How Much Is the White House Worth?

Chad Brooks, BusinessNewsDaily Contributor

With the presidential inauguration just around the corner, President Obama might be happy to know that the value of the White House is on the rise.

Research by the online real estate site Zillow estimates that the historic home at 1600 Pennsylvania Avenue is now valued at $294.9 million, up 7 percent from when President Barack Obama first took office in 2009.

While better than the national average, which saw home prices drop roughly 5.3 percent over the same period to $156,200, the rise in value was lower than the other homes in the White House's Washington, D.C. neighborhood.

The study found that overall, homes in the nation's capital increased in value by 13.6 percent over the last four years.

Zillow chief economist Stan Humphries said the White House, whose value peaked at $299.9 million in July 2006, is more than just a home, it is a symbol of America.

"The White House's appreciation over the past four years failed to match that of the city of Washington, D.C., overall, but that's because the city of Washington as a whole outperformed the immediate neighborhood surrounding the White House," Humphries said. "Value growth of 7 percent since early 2009 far exceeds the national average over the same period, and most homeowners would be quite pleased with a 7 percent return on their investment since 2009."

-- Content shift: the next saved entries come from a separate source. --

(* Let $K$ be a field, $I\subset R=K[x_1,\ldots,x_n]$ a monomial ideal, and $\mathfrak{p}$ a monomial prime ideal of $R$ containing $I$. If $I$ has the copersistence property, then the monomial localization $I(\mathfrak{p})\subset R(\mathfrak{p})$ has the copersistence property.
   Context: An ideal $I$ in a commutative Noetherian ring $R$ has the copersistence property if $\mathrm{Ass}_R(R/I^k)\supseteq\mathrm{Ass}_R(R/I^{k+1})$ for all $k\ge1$. For a monomial prime ideal $\mathfrak{p}=(x_{i_1},\ldots,x_{i_r})$, $R(\mathfrak{p})=K[x_{i_1},\ldots,x_{i_r}]$ and the monomial localization $I(\mathfrak{p})$ is the ideal of $R(\mathfrak{p})$ obtained as the image of $I$ under the $K$-algebra homomorphism $R\to R(\mathfrak{p})$ sending $x_j\mapsto1$ for all $x_j\notin\{x_{i_1},\ldots,x_{i_r}\}$ and fixing the other variables. *)

From mathcomp Require Import all_boot all_order all_algebra.
From mathcomp Require Import mpoly.
Set Implicit Arguments. Unset Strict Implicit. Unset Printing Implicit Defensive.
Import GRing.Theory.
Local Open Scope ring_scope.

Section Ideals.
Variable R : comNzRingType.

Definition is_ideal (I : R -> Prop) : Prop :=
  [/\ I 0, (forall a b, I a -> I b -> I (a + b)) & (forall r a, I a -> I (r * a))].

Definition ideal_gen (G : R -> Prop) : R -> Prop :=
  fun f => exists s : seq (R * R),
    (forall p, p \in s -> G p.2) /\ f = \sum_(p <- s) p.1 * p.2.

Definition ideal_mul (I J : R -> Prop) : R -> Prop :=
  ideal_gen (fun x => exists a b, [/\ I a, J b & x = a * b]).
Theorem corollary5 (R : realType) :
  exists C' : R -> R -> R,
  forall (theta r : R), 1 < theta ->
    theta^-1 < r -> r <= Num.sqrt theta ^-1 ->
    let s := s_param theta r in
    0 < C' s theta /\
    forall (d : measure_display) (T : measurableType d) (Pr : probability T R)
      (n : nat) (P : 'I_n -> T -> R) (Y : T -> R) (pstar eps : R),
      (0 < n)%N ->
      (forall i, measurable_fun setT (P i)) ->
      (forall i w, 1 <= P i w <= theta) ->
      1 <= pstar <= theta ->
      {ae Pr, forall w, maxprice (fun i => P i w) = pstar} ->
      0 < eps -> eps <= Num.min (1 - pstar^-1) (theta / pstar - 1) ->
      measurable_fun setT Y ->
      (forall U : set R, measurable U ->
         Pr (Y @^-1` U) =
         (\int[@lebesgue_measure R]_(x in U)
            (uniform_pdf (pstar * (1 - eps)) (pstar * (1 + eps)) x)%:E)%E) ->
      (r * theta)^-1 * (1 - s / 2 * eps - C' s theta * eps ^+ 2) <=
        fine (\int[Pr]_w (A1 theta r [seq P i w | i <- enum 'I_n] (Y w))%:E)%E /
        fine (\int[Pr]_w (maxprice (fun i => P i w))%:E)%E.
Proof.
exists (fun s theta => eps_crit s theta ^- 2).
move=> theta r theta_gt1 r_gt r_le_sqrt s.
have r_le := sqr_mul_le1 (theta_gt0 theta_gt1) (ltW (r_gt0 theta_gt1 r_gt)) r_le_sqrt.
split.
  rewrite invr_gt0 exprn_gt0 // eps_crit_gt0 // /s.
  by have := s_param_ge1 theta r; lra.
move=> d T Pr n P Y p e _ mP P_range /andP[p_ge1 p_le] max_ae e_gt0 _ mY Y_law.
rewrite (expected_maxprice mP max_ae) /= ler_pdivlMr ?(lt_le_trans ltr01) //.
exact: expected_payoff_competitive.
Qed.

The research calculates that if a potential buyer were to take out a standard 30-year, fixed-rate mortgage on the White House, the monthly payment — including taxes, insurance, principal and interest — would be $1,130,832.

Renting the house, which boasts 55,000 square feet of indoor space, 132 total rooms, 35 bathrooms, 16 bedrooms, three kitchens and 18 acres of premium, downtown, comes at an even steeper price. The study projects it would cost $1.75 million to rent the president's home for a month.

To determine the projections, Zillow's team of data statisticians first looked at the home's physical characteristics and then considered the most expensive home sales in Washington, D.C., as well as other historic homes in the D.C. area recently for sale. They then calculated the amount historic homes typically fetch over similar homes with no historical significance.

Zillow's statisticians deemed the White House the most historic home in country and applied a maximum historical premium to their models to determine its final value.